16. This section remained unchanged through at least 1988. 20 U.S.C. § 1077(a)(2)(C) (1988).
17. For a considerable period, ACS's record indicated May 1, 1988 as Debtor's "separation date," another term for the end of her full-time status. Ex. 8 at 30. Then, on July 29, 1988, Debtor's Auxiliary Loan account records were modified "based on information certified on [March 1, 1988] by "other", and Debtor was retroactively granted a student deferment from September 1, 1985 to May 1, 1988, a period of 973 days. This deferment is referenced in Exhibit 3, a 1992 preclaim assistance form submitted by AFSA to HESC, and in Exhibit 4, a letter prepared by AFSA Data Corp at the time of Debtor's bankruptcy. However, as both of these documents were prepared based upon the computerized record presented in Exhibit 8, the court does not consider them to be meaningfully corroborative or primary evidence. The reason for this retroactive change is unclear from ACS records, and it was not addressed in testimony, but the court infers that in March of 1988, the ACS learned that its records were wrong regarding Debtor's full-time status, and made a responsive change to their records which reflected the proper separation date, but did not alter.

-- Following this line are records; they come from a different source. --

Definition lmul_path (x y : qp) : option qp :=
  obind (fun u => if nzpath Zr u then Some u else None) (pmul x y).

Lemma lmul_path_assoc (x y z : qp) : nzpath Zr x -> nzpath Zr y -> nzpath Zr z ->
  obind (lmul_path x) (lmul_path y z) = obind (fun t => lmul_path t z) (lmul_path x y).
Proof.
by case_qpath x; case_qpath y; case_qpath z => //= *;
  rewrite /lmul_path /pmul /=; decide_eqs.
Qed.

Lemma lmul_val (p q : LB Zr) : omap val (lmul p q) = lmul_path (val p) (val q).
Proof.
rewrite /lmul /lmul_path; case: pmul => //= u.
case: insubP => [v Pu E | /negbTE ->] //=; by rewrite Pu E.
Qed.

Lemma omap_val_inj : injective (omap (fun p : LB Zr => val p)).
Proof. by move=> [a|] [b|] //= [/val_inj ->]. Qed.

Lemma lmul_assoc (p q w : LB Zr) :
  obind (lmul p) (lmul q w) = obind (fun t => lmul t w) (lmul p q).
Proof.
apply: omap_val_inj.
have omap_obind (o : option (LB Zr)) f :
  omap val (obind f o) = obind (fun t => omap val (f t)) o by case: o.
rewrite !omap_obind.
have -> : obind (fun t => omap val (lmul p t)) (lmul q w) =
    obind (lmul_path (val p)) (omap val (lmul q w)).
  by case: (lmul q w) => //= t; rewrite lmul_val.
have -> : obind (fun t => omap val (lmul t w)) (lmul p q) =
    obind (fun t => lmul_path t (val w)) (omap val (lmul p q)).
  by case: (lmul p q) => //= t; rewrite lmul_val.
by rewrite !lmul_val; apply: lmul_path_assoc; apply: valP.
Qed.

Lemma lmul_vertexl (p : LB Zr) w :
  lmul (Le Zr w) p = if phead (val p) == w then Some p else None.
Proof.
apply: omap_val_inj; rewrite lmul_val (fun_if (omap _)); case: p => x /=.
by case_qpath x; case: w => [[?|?]|] //= *; rewrite /lmul_path /pmul /=; decide_eqs.
Qed.

Lemma lmul_vertexr (p : LB Zr) w :
  lmul p (Le Zr w) = if ptail (val p) == w then Some p else None.
Proof.
apply: omap_val_inj; rewrite lmul_val (fun_if (omap _)); case: p => x /=.
by case_qpath x; case: w => [[?|?]|] //= *; rewrite /lmul_path /pmul /=; decide_eqs.
Qed.

End StarPaths.

Section PathDerivations.
Variables (r s : nat) (Zr : {set 'I_r * 'I_s}) (F : fieldType).
Local Notation qp := (qpath r s).
Local Notation K := (LB Zr).

Lemma Ext1_Lam_Lame_neq0_of_basis :
  Ext1_nonzero F (@lmul _ _ Zr) (Le Zr) -> Ext1_Lam_Lame_neq0 Zr F.
Proof.
case=> M [LM [RM [i [pi [[? ? ? ? ? ? ?] ? ? ? ?]]]]].
by exists M, LM, RM, i, pi; split.
Qed.

Variable thq : qp -> option (qp * qp).
Hypothesis thq_nz : forall x a b, thq x = Some (a, b) -> nzpath Zr a && nzpath Zr b.
Hypothesis thq_id : forall w, thq (pe w) = None.
Hypothesis thq_Leibniz : forall x y, nzpath Zr x -> nzpath Zr y ->
  monomial_Leibniz (lmul_path Zr) thq x y.

Definition val2 (v : K * K) : qp * qp := (val v.1, val v.2).

Lemma omap_val2_inj : injective (omap val2).
Proof. by move=> [[a b]|] [[c d]|] //= [/val_inj -> /val_inj ->]. Qed.

Definition lift_th (p : K) : option (K * K) :=
  obind (fun v => if insub v.1 is Some a then omap (pair a) (insub v.2) else None)
    (thq (val p)).

Lemma lift_thE p : omap val2 (lift_th p) = thq (val p).
Proof.
rewrite /lift_th; case E: (thq (val p)) => [[a b]|] //=.
by have /andP[na nb] := thq_nz E; rewrite (insubT _ na) (insubT _ nb).
Qed.

Lemma lift_th_Leibniz p q : monomial_Leibniz (@lmul _ _ Zr) lift_th p q.
Proof.
have := thq_Leibniz (valP p) (valP q); rewrite /monomial_Leibniz -!lift_thE.
have -> : obind (fun v => omap (fun t => (t, v.2)) (lmul_path Zr (val p) v.1))
    (omap val2 (lift_th q)) =
  omap val2 (obind (fun v => omap (fun t => (t, v.2)) (lmul p v.1)) (lift_th q)).
  by case: (lift_th q) => [[a b]|] //=; rewrite -lmul_val; case: (lmul p a).
have -> : obind (fun v => omap (fun t => (v.1, t)) (lmul_path Zr v.2 (val q)))
    (omap val2 (lift_th p)) =
  omap val2 (obind (fun v => omap (fun t => (v.1, t)) (lmul v.2 q)) (lift_th p)).
  by case: (lift_th p) => [[a b]|] //=; rewrite -lmul_val; case: (lmul b q).
have -> : obind thq (lmul_path Zr (val p) (val q)) = omap val2 (obind lift_th (lmul p q)).
  by rewrite -lmul_val; case: (lmul p q) => //= t; rewrite lift_thE.
have none2 (o : option (K * K)) : omap val2 o = None -> o = None by case: o.
by case=> -[/none2 -> /omap_val2_inj ->]; [left | right].
Qed.

Lemma Ext1_of_path_derivation (p x y : K) :
  (forall q, lmul_path Zr (val p) q != Some (val x)) ->
  (forall q, lmul_path Zr q (val p) != Some (val y)) ->
  ptail (val y) = ptail (val p) -> thq (val p) = Some (val x, val y) ->
  Ext1_Lam_Lame_neq0 Zr F.
Proof.
move=> px py tl_y thp; apply: Ext1_Lam_Lame_neq0_of_basis.
apply: (@Ext1_nonzero_of_monomial F _ _ _ _ (fun q => phead (val q))
  (fun q => ptail (val q)) _ _ _ lift_th p x y).
- exact: lmul_assoc.
- exact: lmul_vertexl.
- exact: lmul_vertexr.
- exact: lift_th_Leibniz.
- by move=> w; rewrite /lift_th thq_id.
- by move=> q; apply: contraNneq (px (val q)) => E; rewrite -lmul_val E.
- by move=> q; apply: contraNneq (py (val q)) => E; rewrite -lmul_val E.
- exact: tl_y.
- by apply: omap_val2_inj; rewrite lift_thE.
Qed.

End PathDerivations.

Section ArrowsIntoCentre.
Variables (r s : nat) (Zr : {set 'I_r * 'I_s}) (F : fieldType) (i0 i1 : 'I_r).
Hypothesis i01 : i0 != i1.
Hypothesis Z_sub : forall j, (i1, j) \notin Zr -> (i0, j) \notin Zr.

(* The derivation of the proof idea for a := a_i0, a' := a_i1, on the path basis. *)
Definition replace_a (x : qpath r s) : option (qpath r s * qpath r s) :=
  match x with
  | inr (inl (inl i)) => if i == i0 then Some (pa s i1, pe (vsrc s i0)) else None
  | inr (inr (i, j)) =>
      if (i == i0) && ((i1, j) \notin Zr) then Some (pba i1 j, pe (vsrc s i0)) else None
  | _ => None
  end.

Lemma replace_a_Leibniz x y : nzpath Zr x -> nzpath Zr y ->
  monomial_Leibniz (lmul_path Zr) replace_a x y.
Proof.
rewrite /monomial_Leibniz; case_qpath x; case_qpath y => //= *;
  rewrite /lmul_path /pmul /=; decide_eqs; try (by left); try (by right).
by match goal with E : _ = true, E' : _ = false |- _ => rewrite (Z_sub E) in E' end.
Qed.

Lemma Ext1_neq0_arrows_into_centre : Ext1_Lam_Lame_neq0 Zr F.
Proof.
apply: (@Ext1_of_path_derivation _ _ Zr F replace_a _ _ _ (La Zr i0) (La Zr i1)
  (Le Zr (vsrc s i0))) => //=.
- move=> x a b; case_qpath x => //=; decide_eqs; by case=> <- <- /=; rewrite ?andbT.
- exact: @replace_a_Leibniz.
- move=> q; apply/eqP; case_qpath q; rewrite /lmul_path /pmul /=; decide_eqs;
  by rewrite /pa; move/eqP: i01; congruence.
- move=> q; apply/eqP; case_qpath q; rewrite /lmul_path /pmul /=; decide_eqs;
  by rewrite /pa /pe.
- by rewrite eqxx.
Qed.

End ArrowsIntoCentre.

Section ArrowsOutOfCentre.
Variables (r s : nat) (Zr : {set 'I_r * 'I_s}) (F : fieldType) (j0 j1 : 'I_s).
Hypothesis j01 : j0 != j1.
Hypothesis Z_sub : forall i, (i, j1) \notin Zr -> (i, j0) \notin Zr.

(* The derivation of the proof idea for b := b_j0, b' := b_j1. *)
Definition replace_b (x : qpath r s) : option (qpath r s * qpath r s) :=
  match x with
  | inr (inl (inr j)) => if j == j0 then Some (pe (vsnk r j0), pb r j1) else None
  | inr (inr (i, j)) =>
      if (j == j0) && ((i, j1) \notin Zr) then Some (pe (vsnk r j0), pba i j1) else None
  | _ => None
  end.

Lemma replace_b_Leibniz x y : nzpath Zr x -> nzpath Zr y ->
  monomial_Leibniz (lmul_path Zr) replace_b x y.
Proof.
rewrite /monomial_Leibniz; case_qpath x; case_qpath y => //= *;
  rewrite /lmul_path /pmul /=; decide_eqs; try (by left); try (by right).
by match goal with E : _ = true, E' : _ = false |- _ => rewrite (Z_sub E) in E' end.
Qed.

Lemma Ext1_neq0_arrows_out_of_centre : Ext1_Lam_Lame_neq0 Zr F.
Proof.
apply: (@Ext1_of_path_derivation _ _ Zr F replace_b _ _ _ (Lb Zr j0)
  (Le Zr (vsnk r j0)) (Lb Zr j1)) => //=.
- move=> x a b; case_qpath x => //=; decide_eqs; by case=> <- <- /=.
- exact: @replace_b_Leibniz.
- move=> q; apply/eqP; case_qpath q; rewrite /lmul_path /pmul /=; decide_eqs;
  by rewrite /pb /pe.
- move=> q; apply/eqP; case_qpath q; rewrite /lmul_path /pmul /=; decide_eqs;
  by rewrite /pb; move/eqP: j01; congruence.
- by rewrite eqxx.
Qed.

End ArrowsOutOfCentre.

Lemma lmul_ba_None r s (Zr : {set 'I_r * 'I_s}) i j :
  (lmul (Lb Zr j) (La Zr i) == None) = ((i, j) \in Zr).
Proof.
have := lmul_val (Lb Zr j) (La Zr i); rewrite /lmul_path /pmul /=.
by case: (lmul _ _); case: ((i, j) \in Zr).
Qed.

Theorem mainTheorem15 (F : fieldType) (r s : nat) (Zr : {set 'I_r * 'I_s}) :
  ((exists i i' : 'I_r, i != i' /\ Zset_a Zr i \subset Zset_a Zr i') \/
   (exists j j' : 'I_s, j != j' /\ Zset_b Zr j \subset Zset_b Zr j')) ->
  Ext1_Lam_Lame_neq0 Zr F.
Proof.
case=> [[i [i' [ii' /subsetP sub]]] | [j [j' [jj' /subsetP sub]]]].
- apply: (Ext1_neq0_arrows_into_centre _ ii') => j.
  by apply: contra => ij; have := sub j; rewrite !inE !lmul_ba_None; apply.
- apply: (Ext1_neq0_arrows_out_of_centre _ jj') => i.
  by apply: contra => ij; have := sub i; rewrite !inE !lmul_ba_None; apply.
Qed.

Debtor's repayment obligations with regard to the date of the first payment.
18. This deferment is referenced in Exhibit 3, a 1992 preclaim assistance form submitted by AFSA to HESC, however, as that document was prepared based upon the computerized records presented in Exhibits 6 and 8, the court does not consider it to be meaningful corroborating evidence.
19. The court finds that at the time Debtor was granted this forbearance, the loan was still within seven years of entering repayment, as a 141-day forbearance was previously granted.